◆ YOUR TASK: Each record is to be reproduced verbatim.

_ _ _ _

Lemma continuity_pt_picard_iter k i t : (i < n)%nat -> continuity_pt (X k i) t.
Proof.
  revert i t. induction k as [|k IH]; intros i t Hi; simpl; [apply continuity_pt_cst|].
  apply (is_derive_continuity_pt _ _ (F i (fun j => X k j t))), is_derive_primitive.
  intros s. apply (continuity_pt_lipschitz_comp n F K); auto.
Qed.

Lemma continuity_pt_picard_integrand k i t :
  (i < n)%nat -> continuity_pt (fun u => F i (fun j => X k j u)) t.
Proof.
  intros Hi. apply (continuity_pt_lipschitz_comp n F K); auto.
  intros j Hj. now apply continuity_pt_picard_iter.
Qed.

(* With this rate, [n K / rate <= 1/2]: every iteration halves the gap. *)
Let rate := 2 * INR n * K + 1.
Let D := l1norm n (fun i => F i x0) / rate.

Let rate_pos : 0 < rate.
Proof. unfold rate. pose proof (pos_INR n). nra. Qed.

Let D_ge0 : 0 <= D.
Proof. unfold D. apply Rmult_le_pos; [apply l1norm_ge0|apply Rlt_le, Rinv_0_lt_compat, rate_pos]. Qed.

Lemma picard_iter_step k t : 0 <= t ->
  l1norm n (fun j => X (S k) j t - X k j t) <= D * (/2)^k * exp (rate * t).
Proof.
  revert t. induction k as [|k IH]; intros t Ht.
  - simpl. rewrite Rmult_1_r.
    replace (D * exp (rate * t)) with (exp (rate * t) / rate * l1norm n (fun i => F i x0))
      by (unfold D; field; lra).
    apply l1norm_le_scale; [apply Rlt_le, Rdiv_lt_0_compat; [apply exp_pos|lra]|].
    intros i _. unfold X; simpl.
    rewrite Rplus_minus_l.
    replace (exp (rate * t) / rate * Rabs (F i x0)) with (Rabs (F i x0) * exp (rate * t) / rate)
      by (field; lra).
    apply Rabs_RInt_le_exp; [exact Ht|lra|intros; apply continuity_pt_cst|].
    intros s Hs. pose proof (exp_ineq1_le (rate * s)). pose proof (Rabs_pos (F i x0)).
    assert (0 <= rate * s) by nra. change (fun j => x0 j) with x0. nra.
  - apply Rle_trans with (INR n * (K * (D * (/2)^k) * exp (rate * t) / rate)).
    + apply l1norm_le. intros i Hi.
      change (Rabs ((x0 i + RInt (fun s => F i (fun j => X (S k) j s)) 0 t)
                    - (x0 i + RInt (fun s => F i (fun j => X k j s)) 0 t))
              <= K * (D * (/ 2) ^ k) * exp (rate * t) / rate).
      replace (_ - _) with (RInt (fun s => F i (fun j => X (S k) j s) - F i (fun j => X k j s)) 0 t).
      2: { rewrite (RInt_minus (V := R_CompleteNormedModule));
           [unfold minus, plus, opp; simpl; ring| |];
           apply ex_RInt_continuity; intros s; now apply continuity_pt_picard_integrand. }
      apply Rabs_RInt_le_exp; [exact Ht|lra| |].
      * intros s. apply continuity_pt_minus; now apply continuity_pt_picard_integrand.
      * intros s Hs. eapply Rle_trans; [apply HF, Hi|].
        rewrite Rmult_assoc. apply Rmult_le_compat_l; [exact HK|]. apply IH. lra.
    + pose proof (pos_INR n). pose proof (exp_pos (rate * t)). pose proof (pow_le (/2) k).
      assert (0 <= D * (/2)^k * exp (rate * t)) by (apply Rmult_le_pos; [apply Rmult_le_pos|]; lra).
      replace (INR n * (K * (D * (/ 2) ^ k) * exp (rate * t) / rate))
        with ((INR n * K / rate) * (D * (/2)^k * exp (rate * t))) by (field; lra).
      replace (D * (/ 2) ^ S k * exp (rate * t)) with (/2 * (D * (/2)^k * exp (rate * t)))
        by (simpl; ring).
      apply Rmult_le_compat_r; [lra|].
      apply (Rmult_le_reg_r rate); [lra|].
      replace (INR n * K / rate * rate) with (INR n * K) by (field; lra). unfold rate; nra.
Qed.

_ _ _ _

◆ RESULT FOR THIS TASK:
Lemma continuity_pt_picard_iter k i t : (i < n)%nat -> continuity_pt (X k i) t.
Proof.
  revert i t. induction k as [|k IH]; intros i t Hi; simpl; [apply continuity_pt_cst|].
  apply (is_derive_continuity_pt _ _ (F i (fun j => X k j t))), is_derive_primitive.
  intros s. apply (continuity_pt_lipschitz_comp n F K); auto.
Qed.

Lemma continuity_pt_picard_integrand k i t :
  (i < n)%nat -> continuity_pt (fun u => F i (fun j => X k j u)) t.
Proof.
  intros Hi. apply (continuity_pt_lipschitz_comp n F K); auto.
  intros j Hj. now apply continuity_pt_picard_iter.
Qed.

(* With this rate, [n K / rate <= 1/2]: every iteration halves the gap. *)
Let rate := 2 * INR n * K + 1.
Let D := l1norm n (fun i => F i x0) / rate.

Let rate_pos : 0 < rate.
Proof. unfold rate. pose proof (pos_INR n). nra. Qed.

Let D_ge0 : 0 <= D.
Proof. unfold D. apply Rmult_le_pos; [apply l1norm_ge0|apply Rlt_le, Rinv_0_lt_compat, rate_pos]. Qed.

Lemma picard_iter_step k t : 0 <= t ->
  l1norm n (fun j => X (S k) j t - X k j t) <= D * (/2)^k * exp (rate * t).
Proof.
  revert t. induction k as [|k IH]; intros t Ht.
  - simpl. rewrite Rmult_1_r.
    replace (D * exp (rate * t)) with (exp (rate * t) / rate * l1norm n (fun i => F i x0))
      by (unfold D; field; lra).
    apply l1norm_le_scale; [apply Rlt_le, Rdiv_lt_0_compat; [apply exp_pos|lra]|].
    intros i _. unfold X; simpl.
    rewrite Rplus_minus_l.
    replace (exp (rate * t) / rate * Rabs (F i x0)) with (Rabs (F i x0) * exp (rate * t) / rate)
      by (field; lra).
    apply Rabs_RInt_le_exp; [exact Ht|lra|intros; apply continuity_pt_cst|].
    intros s Hs. pose proof (exp_ineq1_le (rate * s)). pose proof (Rabs_pos (F i x0)).
    assert (0 <= rate * s) by nra. change (fun j => x0 j) with x0. nra.
  - apply Rle_trans with (INR n * (K * (D * (/2)^k) * exp (rate * t) / rate)).
    + apply l1norm_le. intros i Hi.
      change (Rabs ((x0 i + RInt (fun s => F i (fun j => X (S k) j s)) 0 t)
                    - (x0 i + RInt (fun s => F i (fun j => X k j s)) 0 t))
              <= K * (D * (/ 2) ^ k) * exp (rate * t) / rate).
      replace (_ - _) with (RInt (fun s => F i (fun j => X (S k) j s) - F i (fun j => X k j s)) 0 t).
      2: { rewrite (RInt_minus (V := R_CompleteNormedModule));
           [unfold minus, plus, opp; simpl; ring| |];
           apply ex_RInt_continuity; intros s; now apply continuity_pt_picard_integrand. }
      apply Rabs_RInt_le_exp; [exact Ht|lra| |].
      * intros s. apply continuity_pt_minus; now apply continuity_pt_picard_integrand.
      * intros s Hs. eapply Rle_trans; [apply HF, Hi|].
        rewrite Rmult_assoc. apply Rmult_le_compat_l; [exact HK|]. apply IH. lra.
    + pose proof (pos_INR n). pose proof (exp_pos (rate * t)). pose proof (pow_le (/2) k).
      assert (0 <= D * (/2)^k * exp (rate * t)) by (apply Rmult_le_pos; [apply Rmult_le_pos|]; lra).
      replace (INR n * (K * (D * (/ 2) ^ k) * exp (rate * t) / rate))
        with ((INR n * K / rate) * (D * (/2)^k * exp (rate * t))) by (field; lra).
      replace (D * (/ 2) ^ S k * exp (rate * t)) with (/2 * (D * (/2)^k * exp (rate * t)))
        by (simpl; ring).
      apply Rmult_le_compat_r; [lra|].
      apply (Rmult_le_reg_r rate); [lra|].
      replace (INR n * K / rate * rate) with (INR n * K) by (field; lra). unfold rate; nra.
Qed.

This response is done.